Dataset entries

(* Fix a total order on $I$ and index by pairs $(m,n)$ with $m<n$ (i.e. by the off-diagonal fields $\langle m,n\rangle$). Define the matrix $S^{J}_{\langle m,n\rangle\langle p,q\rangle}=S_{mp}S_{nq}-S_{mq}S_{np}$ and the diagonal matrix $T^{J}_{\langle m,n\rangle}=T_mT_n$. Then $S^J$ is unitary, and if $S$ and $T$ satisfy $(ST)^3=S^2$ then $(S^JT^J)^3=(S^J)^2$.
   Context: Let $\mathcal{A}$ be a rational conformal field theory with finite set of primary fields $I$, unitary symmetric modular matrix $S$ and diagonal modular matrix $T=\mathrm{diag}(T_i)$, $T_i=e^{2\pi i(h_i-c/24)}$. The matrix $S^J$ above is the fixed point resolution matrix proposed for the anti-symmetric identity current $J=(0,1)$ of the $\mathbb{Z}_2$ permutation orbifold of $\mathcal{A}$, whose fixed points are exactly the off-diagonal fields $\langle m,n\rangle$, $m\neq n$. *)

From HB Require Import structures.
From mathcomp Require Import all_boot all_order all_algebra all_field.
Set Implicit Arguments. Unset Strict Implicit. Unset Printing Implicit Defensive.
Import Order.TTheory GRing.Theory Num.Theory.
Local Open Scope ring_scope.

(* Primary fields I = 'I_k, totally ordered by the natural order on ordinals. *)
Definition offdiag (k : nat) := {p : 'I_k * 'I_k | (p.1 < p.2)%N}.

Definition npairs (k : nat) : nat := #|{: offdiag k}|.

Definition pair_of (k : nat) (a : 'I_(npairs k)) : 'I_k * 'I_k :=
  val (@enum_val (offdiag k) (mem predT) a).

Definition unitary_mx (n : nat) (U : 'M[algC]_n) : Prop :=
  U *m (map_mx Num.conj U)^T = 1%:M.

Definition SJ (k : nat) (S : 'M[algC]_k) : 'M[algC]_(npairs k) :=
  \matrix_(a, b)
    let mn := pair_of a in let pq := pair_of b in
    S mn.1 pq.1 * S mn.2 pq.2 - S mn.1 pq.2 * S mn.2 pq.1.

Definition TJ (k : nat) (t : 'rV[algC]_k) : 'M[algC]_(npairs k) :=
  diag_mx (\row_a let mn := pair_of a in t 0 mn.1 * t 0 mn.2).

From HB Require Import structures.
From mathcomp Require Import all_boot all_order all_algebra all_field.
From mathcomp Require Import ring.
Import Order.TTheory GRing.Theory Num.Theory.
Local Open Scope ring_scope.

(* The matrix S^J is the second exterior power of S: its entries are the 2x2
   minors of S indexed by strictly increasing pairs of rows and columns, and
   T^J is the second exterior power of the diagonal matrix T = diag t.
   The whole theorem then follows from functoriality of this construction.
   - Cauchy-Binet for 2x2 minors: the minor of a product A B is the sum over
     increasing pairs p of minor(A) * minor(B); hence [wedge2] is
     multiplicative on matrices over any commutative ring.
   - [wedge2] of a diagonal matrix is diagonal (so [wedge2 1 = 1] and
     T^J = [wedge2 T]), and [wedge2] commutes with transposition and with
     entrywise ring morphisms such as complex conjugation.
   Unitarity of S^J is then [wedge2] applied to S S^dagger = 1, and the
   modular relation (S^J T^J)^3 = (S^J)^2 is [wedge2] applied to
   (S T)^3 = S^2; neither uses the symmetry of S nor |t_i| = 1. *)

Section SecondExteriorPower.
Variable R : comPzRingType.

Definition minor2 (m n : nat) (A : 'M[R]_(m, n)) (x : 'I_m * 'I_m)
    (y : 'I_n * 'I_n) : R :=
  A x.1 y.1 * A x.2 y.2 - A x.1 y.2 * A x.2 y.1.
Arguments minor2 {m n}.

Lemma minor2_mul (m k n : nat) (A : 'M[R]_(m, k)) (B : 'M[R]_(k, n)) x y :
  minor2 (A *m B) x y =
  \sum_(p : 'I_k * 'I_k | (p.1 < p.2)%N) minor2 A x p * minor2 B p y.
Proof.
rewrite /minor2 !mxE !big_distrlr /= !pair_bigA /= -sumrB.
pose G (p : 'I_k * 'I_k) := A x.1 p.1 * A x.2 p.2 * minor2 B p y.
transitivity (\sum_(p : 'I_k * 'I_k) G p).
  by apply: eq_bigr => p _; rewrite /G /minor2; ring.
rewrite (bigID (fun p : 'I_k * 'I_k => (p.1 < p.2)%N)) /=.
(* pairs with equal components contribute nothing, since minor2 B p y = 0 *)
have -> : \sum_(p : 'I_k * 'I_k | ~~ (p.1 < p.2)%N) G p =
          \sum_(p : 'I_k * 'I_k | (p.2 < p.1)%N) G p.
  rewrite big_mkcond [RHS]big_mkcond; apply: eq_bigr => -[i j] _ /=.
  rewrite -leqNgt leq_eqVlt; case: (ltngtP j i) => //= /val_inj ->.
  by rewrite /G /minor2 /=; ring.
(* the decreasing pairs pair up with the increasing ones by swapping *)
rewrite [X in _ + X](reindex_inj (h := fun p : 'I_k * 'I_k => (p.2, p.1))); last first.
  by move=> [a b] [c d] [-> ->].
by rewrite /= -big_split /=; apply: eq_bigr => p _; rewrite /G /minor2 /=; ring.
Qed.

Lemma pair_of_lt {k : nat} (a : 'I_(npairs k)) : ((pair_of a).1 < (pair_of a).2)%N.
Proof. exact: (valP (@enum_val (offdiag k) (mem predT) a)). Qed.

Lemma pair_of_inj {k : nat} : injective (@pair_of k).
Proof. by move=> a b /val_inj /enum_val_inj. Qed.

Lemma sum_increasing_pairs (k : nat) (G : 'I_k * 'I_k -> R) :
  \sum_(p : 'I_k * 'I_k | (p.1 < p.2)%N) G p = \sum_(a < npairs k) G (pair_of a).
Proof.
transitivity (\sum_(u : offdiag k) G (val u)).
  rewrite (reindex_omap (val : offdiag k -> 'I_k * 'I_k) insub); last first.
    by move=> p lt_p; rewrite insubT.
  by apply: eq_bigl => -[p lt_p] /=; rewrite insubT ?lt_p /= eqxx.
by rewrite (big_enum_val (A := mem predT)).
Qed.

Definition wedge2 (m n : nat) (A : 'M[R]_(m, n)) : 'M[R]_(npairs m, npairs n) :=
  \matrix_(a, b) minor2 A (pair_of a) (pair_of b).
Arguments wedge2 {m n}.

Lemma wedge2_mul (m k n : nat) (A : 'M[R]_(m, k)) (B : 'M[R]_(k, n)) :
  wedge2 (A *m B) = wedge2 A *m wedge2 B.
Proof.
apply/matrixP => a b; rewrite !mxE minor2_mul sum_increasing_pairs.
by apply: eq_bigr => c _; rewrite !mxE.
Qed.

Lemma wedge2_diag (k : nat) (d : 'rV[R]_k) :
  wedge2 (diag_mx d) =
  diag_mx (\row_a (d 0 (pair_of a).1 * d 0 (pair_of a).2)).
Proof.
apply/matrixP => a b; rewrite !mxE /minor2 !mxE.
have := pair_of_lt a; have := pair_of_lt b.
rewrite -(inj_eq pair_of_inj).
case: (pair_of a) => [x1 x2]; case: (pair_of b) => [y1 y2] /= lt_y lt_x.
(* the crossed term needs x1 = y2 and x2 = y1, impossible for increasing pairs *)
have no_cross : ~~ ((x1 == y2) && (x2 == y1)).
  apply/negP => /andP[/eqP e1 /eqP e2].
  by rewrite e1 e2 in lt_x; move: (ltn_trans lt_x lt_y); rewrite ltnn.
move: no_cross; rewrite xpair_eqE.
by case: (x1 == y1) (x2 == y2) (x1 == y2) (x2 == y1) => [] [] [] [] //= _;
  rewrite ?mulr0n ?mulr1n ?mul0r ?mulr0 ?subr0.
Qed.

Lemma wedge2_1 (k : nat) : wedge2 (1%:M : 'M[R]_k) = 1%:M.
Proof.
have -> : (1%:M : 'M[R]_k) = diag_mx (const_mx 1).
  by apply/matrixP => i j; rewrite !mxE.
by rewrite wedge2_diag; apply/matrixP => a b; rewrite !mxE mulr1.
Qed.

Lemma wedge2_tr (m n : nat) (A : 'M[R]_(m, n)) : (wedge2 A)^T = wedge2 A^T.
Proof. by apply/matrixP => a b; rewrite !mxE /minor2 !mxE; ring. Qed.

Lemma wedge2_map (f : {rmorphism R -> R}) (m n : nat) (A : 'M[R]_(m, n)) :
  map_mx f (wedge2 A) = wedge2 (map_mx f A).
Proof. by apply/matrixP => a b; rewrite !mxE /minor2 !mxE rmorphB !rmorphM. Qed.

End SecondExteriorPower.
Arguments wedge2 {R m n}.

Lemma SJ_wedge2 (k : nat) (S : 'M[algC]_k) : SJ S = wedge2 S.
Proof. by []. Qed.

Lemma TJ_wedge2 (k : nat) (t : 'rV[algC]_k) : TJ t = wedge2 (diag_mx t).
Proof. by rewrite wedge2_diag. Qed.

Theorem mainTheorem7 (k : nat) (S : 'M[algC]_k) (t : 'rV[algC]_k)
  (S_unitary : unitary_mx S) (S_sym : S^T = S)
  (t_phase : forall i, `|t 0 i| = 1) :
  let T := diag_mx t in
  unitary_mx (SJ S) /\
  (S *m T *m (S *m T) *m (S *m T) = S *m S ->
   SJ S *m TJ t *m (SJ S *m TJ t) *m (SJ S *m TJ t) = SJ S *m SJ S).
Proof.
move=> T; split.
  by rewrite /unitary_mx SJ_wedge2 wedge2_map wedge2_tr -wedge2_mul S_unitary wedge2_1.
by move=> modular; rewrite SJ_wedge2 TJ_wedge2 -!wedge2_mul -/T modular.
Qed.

### Try it
Reproduce each line of the records in which the word "predT" appears.

### Result of this task
  val (@enum_val (offdiag k) (mem predT) a).
Proof. exact: (valP (@enum_val (offdiag k) (mem predT) a)). Qed.
by rewrite (big_enum_val (A := mem predT)).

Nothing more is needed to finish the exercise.